### YOUR OBJECTIVE
Two lines below mark the span: the one containing "(forall u, 0 <= f u) -> In v" and the one containing "by (rewrite (mass_upto_split". Set down both, plus every line between, exactly as they stand, and nothing else.

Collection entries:
Lemma jump_telescope (f : R -> R) (S : list R) (a b : R) :
  NoDup S -> a <= b ->
  lsum S (fun v => if in_intervalb (a, b) v then IZR (jump f S v) else 0) =
  IZR (up (mass_upto f S b) - up (mass_below f S a)).
Proof.
  remember (length S) as n eqn:HL. revert S HL.
  induction n as [n IH] using lt_wf_ind. intros S HL HN Hab.
  destruct S as [|x S0].
  { unfold mass_upto, mass_below; simpl. rewrite Z.sub_diag. reflexivity. }
  destruct (split_max (x :: S0) HN ltac:(discriminate))
    as [m [S' [Hsum [HN' [Hlen Hlt]]]]].
  set (T := lsum S' f).
  assert (Hupto : forall y, mass_upto f (x :: S0) y =
                            (if Rle_dec m y then f m else 0) + mass_upto f S' y)
    by (intros; apply Hsum).
  assert (Hbelow : forall y, mass_below f (x :: S0) y =
                             (if Rlt_dec m y then f m else 0) + mass_below f S' y)
    by (intros; apply Hsum).
  assert (Hupto_T : forall y, m <= y -> mass_upto f S' y = T).
  { intros y Hy. apply lsum_ext; intros u Hu. specialize (Hlt u Hu). destruct Rle_dec; lra. }
  assert (Hbelow_T : forall y, m <= y -> mass_below f S' y = T).
  { intros y Hy. apply lsum_ext; intros u Hu. specialize (Hlt u Hu). destruct Rlt_dec; lra. }
  assert (Hjump : forall v, In v S' -> jump f (x :: S0) v = jump f S' v).
  { intros v Hv. specialize (Hlt v Hv). unfold jump. rewrite Hupto, Hbelow.
    destruct (Rle_dec m v); [lra|]. destruct (Rlt_dec m v); [lra|]. rewrite !Rplus_0_l. reflexivity. }
  rewrite Hsum, (lsum_ext S' _ (fun v => if in_intervalb (a, b) v then IZR (jump f S' v) else 0))
    by (intros v Hv; rewrite Hjump by exact Hv; reflexivity).
  rewrite (IH (length S') ltac:(lia) S' eq_refl HN' Hab).
  unfold in_intervalb, jump; simpl fst; simpl snd. rewrite !Hupto, !Hbelow.
  destruct (Rle_dec a m); destruct (Rle_dec m b).
  - destruct (Rle_dec m m); [|lra]. destruct (Rlt_dec m m); [lra|]. destruct (Rlt_dec m a); [lra|].
    rewrite (Hupto_T b), (Hupto_T m), (Hbelow_T m) by lra. rewrite !Rplus_0_l, <- plus_IZR.
    f_equal. lia.
  - destruct (Rlt_dec m a); [lra|]. rewrite !Rplus_0_l. reflexivity.
  - destruct (Rlt_dec m a); [|lra]. rewrite (Hupto_T b), (Hbelow_T a) by lra.
    rewrite Rplus_0_l. f_equal. lia.
  - lra.
Qed.

Definition round_cover (f : R -> R) (S : list R) (v : R) : nat :=
  if in_dec Req_dec_T v S then Z.to_nat (jump f S v) else 0%nat.

Lemma INR_round_cover (f : R -> R) (S : list R) (v : R) :
  (forall u, 0 <= f u) -> In v S -> INR (round_cover f S v) = IZR (jump f S v).
Proof.
  intros Hf Hv. unfold round_cover. destruct in_dec; [|contradiction].
  rewrite INR_IZR_INZ, Z2Nat.id by (apply jump_nonneg; exact Hf). reflexivity.
Qed.

Lemma round_cover_total (f : R -> R) (S : list R) :
  NoDup S -> (forall u, 0 <= f u) -> INR (nat_total S (round_cover f S)) <= lsum S f.
Proof.
  intros HN Hf. unfold nat_total. rewrite INR_fold_sum.
  destruct (list_bounds S) as [a [b [Hab Hb]]].
  rewrite (lsum_ext S _ (fun v => if in_intervalb (a, b) v then IZR (jump f S v) else 0)).
  2:{ intros v Hv. rewrite INR_round_cover by assumption. specialize (Hb v Hv).
      unfold in_intervalb; simpl. destruct (Rle_dec a v), (Rle_dec v b); auto; lra. }
  rewrite (jump_telescope f S a b HN Hab).
  assert (Hall : mass_upto f S b = lsum S f).
  { apply lsum_ext; intros u Hu. specialize (Hb u Hu). destruct Rle_dec; lra. }
  assert (Hnone : mass_below f S a = 0).
  { rewrite <- (lsum_zero S). apply lsum_ext; intros u Hu. specialize (Hb u Hu).
    destruct Rlt_dec; lra. }
  rewrite Hall, Hnone, up_0, minus_IZR. destruct (archimed (lsum S f)). simpl. lra.
Qed.

Lemma round_cover_mass (f : R -> R) (S : list R) (h : list interval) (a b : R) (k : nat) :
  NoDup S -> (forall u, 0 <= f u) -> a <= b -> In (a, b) h ->
  INR k <= interval_mass f S (a, b) -> (k <= nat_mass S (round_cover f S) h)%nat.
Proof.
  intros HN Hf Hab Hin Hk. apply INR_le. unfold nat_mass.
  rewrite (INR_fold_sum S (fun v => if in_dintervalb h v then round_cover f S v else 0%nat)).
  apply Rle_trans with (lsum S (fun v => if in_intervalb (a, b) v then IZR (jump f S v) else 0)).
  - rewrite (jump_telescope f S a b HN Hab).
    assert (mass_below f S a + IZR (Z.of_nat k) <= mass_upto f S b)
      by (rewrite (mass_upto_split f S a b Hab), <- INR_IZR_INZ; lra).
    apply up_le in H. rewrite up_plus_IZR in H.
    rewrite INR_IZR_INZ. apply IZR_le. lia.
  - apply lsum_le. intros v Hv. destruct (in_intervalb (a, b) v) eqn:Ein; [|apply pos_INR].
    assert (Hh : in_dintervalb h v = true) by (apply existsb_exists; eauto).
    rewrite Hh, INR_round_cover by assumption. lra.
Qed.

(** * Pigeonhole on the components of an edge *)

Lemma real_mass_le_sum (S : list R) (g : R -> R) (h : list interval) :
  (forall v, 0 <= g v) -> real_mass S g h <= lsum h (interval_mass g S).
Proof.
  intros Hg. induction h as [|J h IH].
  - change (real_mass S g []) with (lsum S (fun _ => 0)). rewrite lsum_zero. simpl. lra.
  - change (lsum (J :: h) (interval_mass g S)) with (interval_mass g S J + lsum h (interval_mass g S)).
    change (real_mass S g h) with (lsum S (fun v => if in_dintervalb h v then g v else 0)) in IH.
    change (real_mass S g (J :: h)) with (lsum S (fun v => if in_dintervalb (J :: h) v then g v else 0)).
    eapply Rle_trans; [|apply Rplus_le_compat_l; exact IH].
    unfold interval_mass. rewrite <- lsum_plus. apply lsum_le; intros v _.
    unfold in_dintervalb; simpl. fold (in_dintervalb h v).
    specialize (Hg v). destruct (in_intervalb J v), (in_dintervalb h v); simpl; lra.
Qed.

(* Some component of an edge with positive mass carries at least a
   1/length(h) share of its mass. *)
Lemma heaviest_component (S : list R) (g : R -> R) (h : list interval) :
  (forall v, 0 <= g v) -> 0 < real_mass S g h ->
  exists J, In J h /\ real_mass S g h <= INR (length h) * interval_mass g S J.
Proof.
  intros Hg Hpos.
  assert (Hne : h <> []).
  { intros ->. change (real_mass S g []) with (lsum S (fun _ => 0)) in Hpos.
    rewrite lsum_zero in Hpos. lra. }
  destruct (exists_argmax h (interval_mass g S) Hne) as [J [HJ Hmax]].
  exists J. split; [exact HJ|].
  eapply Rle_trans; [apply real_mass_le_sum; exact Hg|]. apply lsum_le_length; exact Hmax.
Qed.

### SOLUTION TO THIS PROBLEM
  (forall u, 0 <= f u) -> In v S -> INR (round_cover f S v) = IZR (jump f S v).
Proof.
  intros Hf Hv. unfold round_cover. destruct in_dec; [|contradiction].
  rewrite INR_IZR_INZ, Z2Nat.id by (apply jump_nonneg; exact Hf). reflexivity.
Qed.

Lemma round_cover_total (f : R -> R) (S : list R) :
  NoDup S -> (forall u, 0 <= f u) -> INR (nat_total S (round_cover f S)) <= lsum S f.
Proof.
  intros HN Hf. unfold nat_total. rewrite INR_fold_sum.
  destruct (list_bounds S) as [a [b [Hab Hb]]].
  rewrite (lsum_ext S _ (fun v => if in_intervalb (a, b) v then IZR (jump f S v) else 0)).
  2:{ intros v Hv. rewrite INR_round_cover by assumption. specialize (Hb v Hv).
      unfold in_intervalb; simpl. destruct (Rle_dec a v), (Rle_dec v b); auto; lra. }
  rewrite (jump_telescope f S a b HN Hab).
  assert (Hall : mass_upto f S b = lsum S f).
  { apply lsum_ext; intros u Hu. specialize (Hb u Hu). destruct Rle_dec; lra. }
  assert (Hnone : mass_below f S a = 0).
  { rewrite <- (lsum_zero S). apply lsum_ext; intros u Hu. specialize (Hb u Hu).
    destruct Rlt_dec; lra. }
  rewrite Hall, Hnone, up_0, minus_IZR. destruct (archimed (lsum S f)). simpl. lra.
Qed.

Lemma round_cover_mass (f : R -> R) (S : list R) (h : list interval) (a b : R) (k : nat) :
  NoDup S -> (forall u, 0 <= f u) -> a <= b -> In (a, b) h ->
  INR k <= interval_mass f S (a, b) -> (k <= nat_mass S (round_cover f S) h)%nat.
Proof.
  intros HN Hf Hab Hin Hk. apply INR_le. unfold nat_mass.
  rewrite (INR_fold_sum S (fun v => if in_dintervalb h v then round_cover f S v else 0%nat)).
  apply Rle_trans with (lsum S (fun v => if in_intervalb (a, b) v then IZR (jump f S v) else 0)).
  - rewrite (jump_telescope f S a b HN Hab).
    assert (mass_below f S a + IZR (Z.of_nat k) <= mass_upto f S b)
      by (rewrite (mass_upto_split f S a b Hab), <- INR_IZR_INZ; lra).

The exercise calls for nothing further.